- **Prompt**
Reproduce the lines of the listing exactly, beginning at the top, until the line with "(* A family" has been reproduced too.

- **Excerpted data**
%%

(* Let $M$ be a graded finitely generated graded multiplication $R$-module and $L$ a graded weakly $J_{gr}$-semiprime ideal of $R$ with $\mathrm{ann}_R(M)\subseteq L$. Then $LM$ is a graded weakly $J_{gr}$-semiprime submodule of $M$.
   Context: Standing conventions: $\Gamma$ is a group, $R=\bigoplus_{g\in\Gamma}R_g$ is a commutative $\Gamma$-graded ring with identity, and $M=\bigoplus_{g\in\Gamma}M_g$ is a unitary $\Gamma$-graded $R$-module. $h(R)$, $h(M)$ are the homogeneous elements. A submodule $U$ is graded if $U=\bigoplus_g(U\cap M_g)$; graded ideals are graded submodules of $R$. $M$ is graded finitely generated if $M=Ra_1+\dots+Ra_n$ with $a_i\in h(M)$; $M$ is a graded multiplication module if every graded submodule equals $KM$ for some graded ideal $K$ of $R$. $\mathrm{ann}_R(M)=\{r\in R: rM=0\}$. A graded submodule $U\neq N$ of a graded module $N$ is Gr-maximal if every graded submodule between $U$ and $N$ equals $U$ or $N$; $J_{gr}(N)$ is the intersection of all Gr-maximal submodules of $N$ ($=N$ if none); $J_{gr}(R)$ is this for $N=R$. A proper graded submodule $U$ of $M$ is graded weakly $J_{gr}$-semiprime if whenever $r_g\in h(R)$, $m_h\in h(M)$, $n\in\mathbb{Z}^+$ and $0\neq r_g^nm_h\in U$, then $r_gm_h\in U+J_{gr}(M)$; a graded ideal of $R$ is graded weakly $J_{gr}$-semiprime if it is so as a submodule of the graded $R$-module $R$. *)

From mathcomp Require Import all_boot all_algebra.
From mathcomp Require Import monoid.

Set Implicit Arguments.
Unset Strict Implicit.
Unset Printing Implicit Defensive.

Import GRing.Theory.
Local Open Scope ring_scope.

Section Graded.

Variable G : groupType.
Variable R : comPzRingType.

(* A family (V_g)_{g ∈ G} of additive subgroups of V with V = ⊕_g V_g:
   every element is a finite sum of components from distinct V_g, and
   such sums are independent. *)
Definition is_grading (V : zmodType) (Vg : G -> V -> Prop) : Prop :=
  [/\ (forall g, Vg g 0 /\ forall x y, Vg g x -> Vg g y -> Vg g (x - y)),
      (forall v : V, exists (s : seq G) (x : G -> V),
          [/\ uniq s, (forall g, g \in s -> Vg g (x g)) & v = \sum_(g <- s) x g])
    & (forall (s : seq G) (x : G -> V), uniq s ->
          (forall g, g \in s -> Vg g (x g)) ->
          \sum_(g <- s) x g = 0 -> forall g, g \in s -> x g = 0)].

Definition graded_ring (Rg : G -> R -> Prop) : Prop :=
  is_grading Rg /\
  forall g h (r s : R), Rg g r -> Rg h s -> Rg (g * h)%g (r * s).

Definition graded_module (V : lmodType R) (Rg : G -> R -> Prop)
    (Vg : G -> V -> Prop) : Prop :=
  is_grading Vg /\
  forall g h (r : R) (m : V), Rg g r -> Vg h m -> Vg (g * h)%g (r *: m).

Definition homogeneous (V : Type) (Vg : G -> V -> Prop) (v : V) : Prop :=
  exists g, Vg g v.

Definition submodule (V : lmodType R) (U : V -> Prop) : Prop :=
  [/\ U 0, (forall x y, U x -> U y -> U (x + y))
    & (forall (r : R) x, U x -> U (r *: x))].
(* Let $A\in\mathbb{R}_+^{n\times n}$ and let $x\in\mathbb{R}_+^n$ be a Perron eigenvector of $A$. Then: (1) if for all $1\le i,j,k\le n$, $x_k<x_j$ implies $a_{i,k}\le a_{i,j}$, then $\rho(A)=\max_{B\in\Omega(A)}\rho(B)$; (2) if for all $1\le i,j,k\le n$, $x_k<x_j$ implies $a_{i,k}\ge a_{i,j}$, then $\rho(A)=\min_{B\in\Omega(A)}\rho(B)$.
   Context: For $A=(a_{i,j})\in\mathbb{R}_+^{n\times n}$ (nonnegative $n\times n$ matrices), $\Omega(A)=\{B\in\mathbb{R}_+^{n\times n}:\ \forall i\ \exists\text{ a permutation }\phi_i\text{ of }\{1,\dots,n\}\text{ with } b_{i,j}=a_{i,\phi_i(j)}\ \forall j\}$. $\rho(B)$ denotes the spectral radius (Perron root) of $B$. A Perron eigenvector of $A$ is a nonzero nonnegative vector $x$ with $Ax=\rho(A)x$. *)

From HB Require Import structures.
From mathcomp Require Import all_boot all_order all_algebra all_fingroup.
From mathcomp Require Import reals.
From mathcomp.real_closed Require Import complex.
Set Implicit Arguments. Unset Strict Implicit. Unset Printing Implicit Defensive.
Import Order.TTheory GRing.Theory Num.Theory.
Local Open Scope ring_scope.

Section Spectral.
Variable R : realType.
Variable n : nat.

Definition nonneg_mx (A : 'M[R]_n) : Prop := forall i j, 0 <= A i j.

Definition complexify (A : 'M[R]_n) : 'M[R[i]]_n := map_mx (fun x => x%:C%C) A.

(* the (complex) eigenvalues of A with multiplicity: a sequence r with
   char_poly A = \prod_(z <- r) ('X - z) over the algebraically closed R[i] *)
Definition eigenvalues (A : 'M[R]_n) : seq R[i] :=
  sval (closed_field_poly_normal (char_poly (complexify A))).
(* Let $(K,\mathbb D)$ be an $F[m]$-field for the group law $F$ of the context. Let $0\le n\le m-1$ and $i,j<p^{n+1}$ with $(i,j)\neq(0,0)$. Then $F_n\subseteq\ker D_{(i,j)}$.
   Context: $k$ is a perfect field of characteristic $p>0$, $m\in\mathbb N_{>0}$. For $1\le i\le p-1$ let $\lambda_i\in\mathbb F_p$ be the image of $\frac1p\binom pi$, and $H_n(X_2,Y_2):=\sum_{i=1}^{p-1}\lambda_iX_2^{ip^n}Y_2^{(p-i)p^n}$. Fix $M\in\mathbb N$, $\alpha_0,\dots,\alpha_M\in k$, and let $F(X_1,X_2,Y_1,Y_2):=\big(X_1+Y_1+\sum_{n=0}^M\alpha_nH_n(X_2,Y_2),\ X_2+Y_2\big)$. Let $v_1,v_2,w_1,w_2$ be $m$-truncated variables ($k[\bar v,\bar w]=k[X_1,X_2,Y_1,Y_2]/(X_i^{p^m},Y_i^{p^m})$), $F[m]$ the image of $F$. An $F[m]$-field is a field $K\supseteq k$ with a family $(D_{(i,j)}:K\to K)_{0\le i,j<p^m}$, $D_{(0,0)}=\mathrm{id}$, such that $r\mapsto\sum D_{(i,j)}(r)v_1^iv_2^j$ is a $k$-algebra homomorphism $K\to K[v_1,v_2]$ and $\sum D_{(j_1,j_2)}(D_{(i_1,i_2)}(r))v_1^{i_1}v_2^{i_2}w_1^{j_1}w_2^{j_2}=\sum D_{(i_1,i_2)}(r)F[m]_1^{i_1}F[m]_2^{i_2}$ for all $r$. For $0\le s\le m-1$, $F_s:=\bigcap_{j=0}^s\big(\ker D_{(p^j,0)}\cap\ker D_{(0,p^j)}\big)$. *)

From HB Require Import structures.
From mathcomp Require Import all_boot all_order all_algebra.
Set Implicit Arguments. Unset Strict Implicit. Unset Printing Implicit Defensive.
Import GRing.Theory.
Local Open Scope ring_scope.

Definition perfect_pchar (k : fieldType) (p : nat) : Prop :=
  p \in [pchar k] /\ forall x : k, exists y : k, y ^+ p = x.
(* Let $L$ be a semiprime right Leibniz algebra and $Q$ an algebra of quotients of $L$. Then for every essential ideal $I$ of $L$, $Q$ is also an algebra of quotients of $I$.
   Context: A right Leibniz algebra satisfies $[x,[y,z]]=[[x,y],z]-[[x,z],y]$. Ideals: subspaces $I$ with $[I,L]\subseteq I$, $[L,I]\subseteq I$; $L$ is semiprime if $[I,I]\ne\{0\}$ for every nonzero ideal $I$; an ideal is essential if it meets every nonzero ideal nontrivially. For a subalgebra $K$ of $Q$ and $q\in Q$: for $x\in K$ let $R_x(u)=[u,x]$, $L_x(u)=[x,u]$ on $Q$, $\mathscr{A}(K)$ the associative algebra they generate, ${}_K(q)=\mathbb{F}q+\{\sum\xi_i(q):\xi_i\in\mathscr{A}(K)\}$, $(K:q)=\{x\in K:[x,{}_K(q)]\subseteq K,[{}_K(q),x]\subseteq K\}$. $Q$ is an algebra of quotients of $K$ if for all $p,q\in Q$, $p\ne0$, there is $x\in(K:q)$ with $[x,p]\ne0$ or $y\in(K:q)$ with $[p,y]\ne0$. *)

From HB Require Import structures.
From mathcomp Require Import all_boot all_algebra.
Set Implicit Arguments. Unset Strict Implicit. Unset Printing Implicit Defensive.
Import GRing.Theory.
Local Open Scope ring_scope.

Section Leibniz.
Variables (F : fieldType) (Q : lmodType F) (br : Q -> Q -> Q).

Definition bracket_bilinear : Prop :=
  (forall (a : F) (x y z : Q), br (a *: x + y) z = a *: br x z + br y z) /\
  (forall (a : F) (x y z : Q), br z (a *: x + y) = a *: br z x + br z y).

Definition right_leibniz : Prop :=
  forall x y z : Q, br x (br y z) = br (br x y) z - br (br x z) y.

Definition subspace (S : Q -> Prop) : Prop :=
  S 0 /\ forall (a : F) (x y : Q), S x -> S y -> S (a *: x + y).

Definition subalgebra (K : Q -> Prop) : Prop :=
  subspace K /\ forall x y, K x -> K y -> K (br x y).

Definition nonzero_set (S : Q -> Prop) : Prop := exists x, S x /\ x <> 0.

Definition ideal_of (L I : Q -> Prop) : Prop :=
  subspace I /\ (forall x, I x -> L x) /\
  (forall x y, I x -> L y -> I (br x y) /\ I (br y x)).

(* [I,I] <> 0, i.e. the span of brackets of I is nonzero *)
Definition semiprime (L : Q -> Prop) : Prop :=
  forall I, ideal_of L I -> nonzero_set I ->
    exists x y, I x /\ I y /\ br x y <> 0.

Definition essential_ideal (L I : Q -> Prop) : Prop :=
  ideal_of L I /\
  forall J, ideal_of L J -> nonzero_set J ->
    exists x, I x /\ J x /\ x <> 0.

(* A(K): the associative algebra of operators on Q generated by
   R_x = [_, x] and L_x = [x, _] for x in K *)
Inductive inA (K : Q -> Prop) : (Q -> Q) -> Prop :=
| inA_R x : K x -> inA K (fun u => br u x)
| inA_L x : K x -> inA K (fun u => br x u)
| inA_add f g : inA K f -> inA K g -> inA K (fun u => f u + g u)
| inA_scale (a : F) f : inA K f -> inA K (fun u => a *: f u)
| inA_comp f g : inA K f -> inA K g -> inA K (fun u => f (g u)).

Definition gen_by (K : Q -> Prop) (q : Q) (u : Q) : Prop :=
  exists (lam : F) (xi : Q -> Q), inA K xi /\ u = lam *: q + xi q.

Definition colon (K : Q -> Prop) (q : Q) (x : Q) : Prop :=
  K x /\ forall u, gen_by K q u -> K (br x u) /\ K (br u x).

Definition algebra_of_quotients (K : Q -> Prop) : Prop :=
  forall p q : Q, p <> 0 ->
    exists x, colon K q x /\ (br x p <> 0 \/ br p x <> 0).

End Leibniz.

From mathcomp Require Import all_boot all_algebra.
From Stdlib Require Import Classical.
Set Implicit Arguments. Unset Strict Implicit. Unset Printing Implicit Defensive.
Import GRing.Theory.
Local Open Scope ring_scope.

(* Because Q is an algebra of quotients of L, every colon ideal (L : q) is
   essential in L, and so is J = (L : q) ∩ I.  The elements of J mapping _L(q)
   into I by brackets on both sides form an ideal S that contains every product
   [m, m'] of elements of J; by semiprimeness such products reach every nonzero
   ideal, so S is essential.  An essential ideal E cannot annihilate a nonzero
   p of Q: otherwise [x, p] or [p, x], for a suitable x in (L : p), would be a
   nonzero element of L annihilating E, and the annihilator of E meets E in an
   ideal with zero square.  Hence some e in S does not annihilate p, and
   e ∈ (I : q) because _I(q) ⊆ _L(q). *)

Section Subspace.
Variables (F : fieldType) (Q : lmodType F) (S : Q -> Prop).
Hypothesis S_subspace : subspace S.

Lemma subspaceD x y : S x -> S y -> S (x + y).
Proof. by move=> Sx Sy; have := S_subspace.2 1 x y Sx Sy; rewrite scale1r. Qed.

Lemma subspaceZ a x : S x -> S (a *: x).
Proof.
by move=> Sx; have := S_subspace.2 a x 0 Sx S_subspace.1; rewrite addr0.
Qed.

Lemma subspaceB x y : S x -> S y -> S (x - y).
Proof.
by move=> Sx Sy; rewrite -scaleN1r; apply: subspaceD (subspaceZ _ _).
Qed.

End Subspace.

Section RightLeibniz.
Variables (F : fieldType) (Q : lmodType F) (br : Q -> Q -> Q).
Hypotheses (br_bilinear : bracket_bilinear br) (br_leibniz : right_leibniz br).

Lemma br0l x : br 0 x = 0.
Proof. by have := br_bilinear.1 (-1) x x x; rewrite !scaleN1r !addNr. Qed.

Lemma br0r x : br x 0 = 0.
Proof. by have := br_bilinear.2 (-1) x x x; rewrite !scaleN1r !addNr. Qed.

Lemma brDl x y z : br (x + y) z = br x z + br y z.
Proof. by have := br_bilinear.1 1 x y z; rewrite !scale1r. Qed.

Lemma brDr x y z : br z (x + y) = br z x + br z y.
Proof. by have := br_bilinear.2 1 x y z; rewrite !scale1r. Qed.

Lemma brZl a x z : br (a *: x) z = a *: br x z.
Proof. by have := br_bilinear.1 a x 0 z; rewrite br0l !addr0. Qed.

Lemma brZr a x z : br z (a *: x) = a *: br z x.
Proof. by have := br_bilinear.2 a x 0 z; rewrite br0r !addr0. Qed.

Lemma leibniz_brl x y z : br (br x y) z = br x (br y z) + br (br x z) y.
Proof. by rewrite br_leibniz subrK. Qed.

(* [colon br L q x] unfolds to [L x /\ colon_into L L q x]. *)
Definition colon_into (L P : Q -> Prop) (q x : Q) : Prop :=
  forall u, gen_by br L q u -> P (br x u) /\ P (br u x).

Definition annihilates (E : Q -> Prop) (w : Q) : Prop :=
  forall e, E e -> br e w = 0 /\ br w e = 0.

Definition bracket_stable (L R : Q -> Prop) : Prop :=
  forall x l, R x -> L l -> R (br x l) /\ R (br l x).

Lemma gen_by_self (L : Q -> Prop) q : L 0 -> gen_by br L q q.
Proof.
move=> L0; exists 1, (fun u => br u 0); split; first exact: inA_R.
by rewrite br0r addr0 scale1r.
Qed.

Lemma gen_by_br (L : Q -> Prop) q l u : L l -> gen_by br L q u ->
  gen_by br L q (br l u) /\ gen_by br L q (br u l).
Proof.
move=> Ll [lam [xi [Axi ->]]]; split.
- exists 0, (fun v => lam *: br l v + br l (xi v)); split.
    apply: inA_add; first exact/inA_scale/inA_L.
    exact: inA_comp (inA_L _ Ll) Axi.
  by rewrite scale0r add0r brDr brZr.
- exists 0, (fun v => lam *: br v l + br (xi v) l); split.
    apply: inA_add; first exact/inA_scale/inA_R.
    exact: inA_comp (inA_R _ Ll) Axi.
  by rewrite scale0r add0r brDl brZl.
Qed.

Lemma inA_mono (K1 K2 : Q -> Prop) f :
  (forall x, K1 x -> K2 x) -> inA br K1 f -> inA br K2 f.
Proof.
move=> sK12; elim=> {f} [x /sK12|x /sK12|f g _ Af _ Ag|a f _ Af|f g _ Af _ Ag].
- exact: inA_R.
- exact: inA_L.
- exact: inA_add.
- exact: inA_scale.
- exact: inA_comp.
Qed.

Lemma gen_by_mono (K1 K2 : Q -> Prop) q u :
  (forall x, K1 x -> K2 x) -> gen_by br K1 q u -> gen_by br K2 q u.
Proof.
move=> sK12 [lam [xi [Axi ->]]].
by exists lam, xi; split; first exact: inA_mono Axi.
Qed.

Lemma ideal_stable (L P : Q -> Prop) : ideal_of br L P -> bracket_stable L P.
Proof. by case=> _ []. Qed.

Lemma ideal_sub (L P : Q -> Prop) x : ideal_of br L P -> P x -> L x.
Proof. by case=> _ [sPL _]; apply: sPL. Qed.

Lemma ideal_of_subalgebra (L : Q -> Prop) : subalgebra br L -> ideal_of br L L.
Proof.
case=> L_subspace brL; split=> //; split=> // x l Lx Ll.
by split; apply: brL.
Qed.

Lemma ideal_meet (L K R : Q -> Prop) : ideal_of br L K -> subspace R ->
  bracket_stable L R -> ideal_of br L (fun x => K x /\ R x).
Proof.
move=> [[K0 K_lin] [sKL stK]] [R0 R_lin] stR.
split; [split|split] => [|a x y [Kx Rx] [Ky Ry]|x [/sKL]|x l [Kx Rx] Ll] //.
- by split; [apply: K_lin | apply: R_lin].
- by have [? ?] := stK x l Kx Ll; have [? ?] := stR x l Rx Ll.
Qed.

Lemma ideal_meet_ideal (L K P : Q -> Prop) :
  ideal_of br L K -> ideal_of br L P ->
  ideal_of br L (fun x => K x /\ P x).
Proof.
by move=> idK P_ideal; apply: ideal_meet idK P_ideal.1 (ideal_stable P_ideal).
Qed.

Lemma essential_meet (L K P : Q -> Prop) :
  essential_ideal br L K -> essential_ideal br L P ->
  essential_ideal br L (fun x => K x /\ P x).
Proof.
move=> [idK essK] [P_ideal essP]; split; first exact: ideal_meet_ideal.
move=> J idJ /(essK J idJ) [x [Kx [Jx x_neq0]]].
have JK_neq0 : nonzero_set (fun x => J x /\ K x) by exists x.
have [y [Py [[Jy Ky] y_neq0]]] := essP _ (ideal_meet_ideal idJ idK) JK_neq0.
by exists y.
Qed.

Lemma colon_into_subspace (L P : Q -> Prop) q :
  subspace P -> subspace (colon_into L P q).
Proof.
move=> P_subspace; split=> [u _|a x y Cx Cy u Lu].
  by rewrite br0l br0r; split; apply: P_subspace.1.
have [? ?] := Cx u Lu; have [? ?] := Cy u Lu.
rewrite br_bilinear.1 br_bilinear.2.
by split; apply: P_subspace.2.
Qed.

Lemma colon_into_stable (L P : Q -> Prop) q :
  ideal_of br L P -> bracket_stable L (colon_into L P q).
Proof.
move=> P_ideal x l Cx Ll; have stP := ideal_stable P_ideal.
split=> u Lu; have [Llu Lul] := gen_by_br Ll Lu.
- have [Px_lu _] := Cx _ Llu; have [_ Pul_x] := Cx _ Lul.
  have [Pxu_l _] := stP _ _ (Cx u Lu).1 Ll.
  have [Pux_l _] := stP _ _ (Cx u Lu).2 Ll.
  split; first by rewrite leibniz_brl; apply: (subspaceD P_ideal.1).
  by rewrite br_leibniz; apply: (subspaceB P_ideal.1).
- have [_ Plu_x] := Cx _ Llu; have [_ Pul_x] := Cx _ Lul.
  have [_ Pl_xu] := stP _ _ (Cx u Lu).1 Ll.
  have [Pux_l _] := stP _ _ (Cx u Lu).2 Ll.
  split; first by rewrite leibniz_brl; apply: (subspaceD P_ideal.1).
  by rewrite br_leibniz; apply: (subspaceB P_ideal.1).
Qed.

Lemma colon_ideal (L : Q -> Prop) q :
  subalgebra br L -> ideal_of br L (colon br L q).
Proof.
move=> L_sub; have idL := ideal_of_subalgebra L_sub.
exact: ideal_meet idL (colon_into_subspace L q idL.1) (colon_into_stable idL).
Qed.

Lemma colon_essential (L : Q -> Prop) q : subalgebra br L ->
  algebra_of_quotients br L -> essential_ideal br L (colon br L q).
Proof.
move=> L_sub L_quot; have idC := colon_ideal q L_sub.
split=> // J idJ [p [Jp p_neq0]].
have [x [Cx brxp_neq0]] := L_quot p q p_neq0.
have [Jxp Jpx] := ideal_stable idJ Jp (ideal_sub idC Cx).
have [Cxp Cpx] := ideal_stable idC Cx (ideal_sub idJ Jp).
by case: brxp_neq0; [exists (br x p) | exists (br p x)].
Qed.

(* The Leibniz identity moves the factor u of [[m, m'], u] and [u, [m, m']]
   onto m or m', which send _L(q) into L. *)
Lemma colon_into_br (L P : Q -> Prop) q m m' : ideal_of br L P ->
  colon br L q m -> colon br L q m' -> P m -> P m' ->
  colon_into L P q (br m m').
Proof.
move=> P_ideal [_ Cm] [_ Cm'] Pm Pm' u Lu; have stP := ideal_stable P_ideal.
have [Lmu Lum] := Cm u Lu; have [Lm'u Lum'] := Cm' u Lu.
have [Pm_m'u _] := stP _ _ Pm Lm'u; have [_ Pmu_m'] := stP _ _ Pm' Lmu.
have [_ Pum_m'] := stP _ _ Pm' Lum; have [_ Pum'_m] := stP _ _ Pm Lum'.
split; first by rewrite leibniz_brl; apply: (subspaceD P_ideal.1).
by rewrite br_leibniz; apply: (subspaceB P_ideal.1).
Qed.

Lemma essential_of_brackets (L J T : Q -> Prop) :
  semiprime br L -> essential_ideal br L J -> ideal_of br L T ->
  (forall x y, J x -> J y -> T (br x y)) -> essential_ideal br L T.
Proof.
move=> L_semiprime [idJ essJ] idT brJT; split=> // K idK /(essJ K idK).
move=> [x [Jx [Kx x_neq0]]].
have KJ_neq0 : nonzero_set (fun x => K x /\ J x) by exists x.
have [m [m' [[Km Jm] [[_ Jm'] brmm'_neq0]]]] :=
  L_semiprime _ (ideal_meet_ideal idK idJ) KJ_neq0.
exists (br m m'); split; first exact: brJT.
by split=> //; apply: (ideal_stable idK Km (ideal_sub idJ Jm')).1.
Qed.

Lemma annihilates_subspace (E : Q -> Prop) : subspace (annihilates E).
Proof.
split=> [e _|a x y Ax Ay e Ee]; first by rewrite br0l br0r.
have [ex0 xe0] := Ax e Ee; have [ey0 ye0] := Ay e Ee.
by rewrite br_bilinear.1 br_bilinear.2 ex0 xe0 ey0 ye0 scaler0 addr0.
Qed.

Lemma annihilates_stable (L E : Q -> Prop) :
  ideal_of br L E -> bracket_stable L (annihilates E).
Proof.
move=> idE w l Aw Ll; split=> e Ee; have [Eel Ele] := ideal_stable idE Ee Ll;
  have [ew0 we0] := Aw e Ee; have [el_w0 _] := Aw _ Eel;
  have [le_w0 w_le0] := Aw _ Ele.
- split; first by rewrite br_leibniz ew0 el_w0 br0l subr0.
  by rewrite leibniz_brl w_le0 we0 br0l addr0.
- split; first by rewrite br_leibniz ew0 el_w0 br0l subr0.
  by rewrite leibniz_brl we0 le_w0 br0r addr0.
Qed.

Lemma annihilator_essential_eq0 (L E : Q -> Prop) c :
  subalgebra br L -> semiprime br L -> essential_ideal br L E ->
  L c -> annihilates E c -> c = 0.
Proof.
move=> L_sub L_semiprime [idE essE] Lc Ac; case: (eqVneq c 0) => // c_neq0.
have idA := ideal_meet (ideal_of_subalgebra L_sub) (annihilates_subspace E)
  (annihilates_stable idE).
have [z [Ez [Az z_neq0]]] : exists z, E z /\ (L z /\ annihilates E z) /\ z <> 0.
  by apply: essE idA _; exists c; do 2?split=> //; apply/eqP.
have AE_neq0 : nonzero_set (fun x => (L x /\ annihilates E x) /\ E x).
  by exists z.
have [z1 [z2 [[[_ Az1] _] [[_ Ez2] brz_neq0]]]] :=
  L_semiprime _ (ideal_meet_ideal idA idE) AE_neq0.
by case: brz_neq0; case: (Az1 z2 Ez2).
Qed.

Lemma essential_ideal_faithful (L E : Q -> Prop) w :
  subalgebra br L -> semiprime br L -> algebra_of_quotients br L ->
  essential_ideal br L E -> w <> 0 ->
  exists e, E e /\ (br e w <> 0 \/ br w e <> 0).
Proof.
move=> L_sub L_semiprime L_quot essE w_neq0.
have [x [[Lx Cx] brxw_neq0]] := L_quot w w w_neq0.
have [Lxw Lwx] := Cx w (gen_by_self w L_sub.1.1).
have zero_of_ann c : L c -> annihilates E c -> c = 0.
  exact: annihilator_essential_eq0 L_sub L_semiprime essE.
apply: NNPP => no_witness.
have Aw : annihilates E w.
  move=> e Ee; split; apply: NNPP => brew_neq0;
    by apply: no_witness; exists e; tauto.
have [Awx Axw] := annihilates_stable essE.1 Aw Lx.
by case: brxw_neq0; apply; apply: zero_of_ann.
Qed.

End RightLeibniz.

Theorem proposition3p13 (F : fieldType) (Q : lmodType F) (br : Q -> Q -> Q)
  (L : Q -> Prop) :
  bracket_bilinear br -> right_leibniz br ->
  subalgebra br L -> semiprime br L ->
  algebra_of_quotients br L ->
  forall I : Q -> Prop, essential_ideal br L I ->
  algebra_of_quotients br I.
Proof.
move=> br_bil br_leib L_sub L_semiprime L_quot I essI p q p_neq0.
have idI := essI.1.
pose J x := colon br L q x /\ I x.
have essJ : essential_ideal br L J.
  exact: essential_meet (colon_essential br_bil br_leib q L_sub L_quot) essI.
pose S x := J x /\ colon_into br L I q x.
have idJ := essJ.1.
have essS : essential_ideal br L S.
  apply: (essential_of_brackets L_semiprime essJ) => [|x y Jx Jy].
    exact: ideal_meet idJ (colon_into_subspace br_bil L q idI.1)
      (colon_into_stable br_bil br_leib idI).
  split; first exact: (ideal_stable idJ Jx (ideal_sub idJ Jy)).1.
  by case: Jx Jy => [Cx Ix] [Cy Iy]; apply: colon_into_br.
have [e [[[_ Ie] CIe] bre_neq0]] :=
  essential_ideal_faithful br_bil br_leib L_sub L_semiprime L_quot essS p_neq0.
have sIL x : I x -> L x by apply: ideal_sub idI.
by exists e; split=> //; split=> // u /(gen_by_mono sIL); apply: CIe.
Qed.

%%

- **Solution for this problem**
(* Let $M$ be a graded finitely generated graded multiplication $R$-module and $L$ a graded weakly $J_{gr}$-semiprime ideal of $R$ with $\mathrm{ann}_R(M)\subseteq L$. Then $LM$ is a graded weakly $J_{gr}$-semiprime submodule of $M$.
   Context: Standing conventions: $\Gamma$ is a group, $R=\bigoplus_{g\in\Gamma}R_g$ is a commutative $\Gamma$-graded ring with identity, and $M=\bigoplus_{g\in\Gamma}M_g$ is a unitary $\Gamma$-graded $R$-module. $h(R)$, $h(M)$ are the homogeneous elements. A submodule $U$ is graded if $U=\bigoplus_g(U\cap M_g)$; graded ideals are graded submodules of $R$. $M$ is graded finitely generated if $M=Ra_1+\dots+Ra_n$ with $a_i\in h(M)$; $M$ is a graded multiplication module if every graded submodule equals $KM$ for some graded ideal $K$ of $R$. $\mathrm{ann}_R(M)=\{r\in R: rM=0\}$. A graded submodule $U\neq N$ of a graded module $N$ is Gr-maximal if every graded submodule between $U$ and $N$ equals $U$ or $N$; $J_{gr}(N)$ is the intersection of all Gr-maximal submodules of $N$ ($=N$ if none); $J_{gr}(R)$ is this for $N=R$. A proper graded submodule $U$ of $M$ is graded weakly $J_{gr}$-semiprime if whenever $r_g\in h(R)$, $m_h\in h(M)$, $n\in\mathbb{Z}^+$ and $0\neq r_g^nm_h\in U$, then $r_gm_h\in U+J_{gr}(M)$; a graded ideal of $R$ is graded weakly $J_{gr}$-semiprime if it is so as a submodule of the graded $R$-module $R$. *)

From mathcomp Require Import all_boot all_algebra.
From mathcomp Require Import monoid.

Set Implicit Arguments.
Unset Strict Implicit.
Unset Printing Implicit Defensive.

Import GRing.Theory.
Local Open Scope ring_scope.

Section Graded.

Variable G : groupType.
Variable R : comPzRingType.

(* A family (V_g)_{g ∈ G} of additive subgroups of V with V = ⊕_g V_g:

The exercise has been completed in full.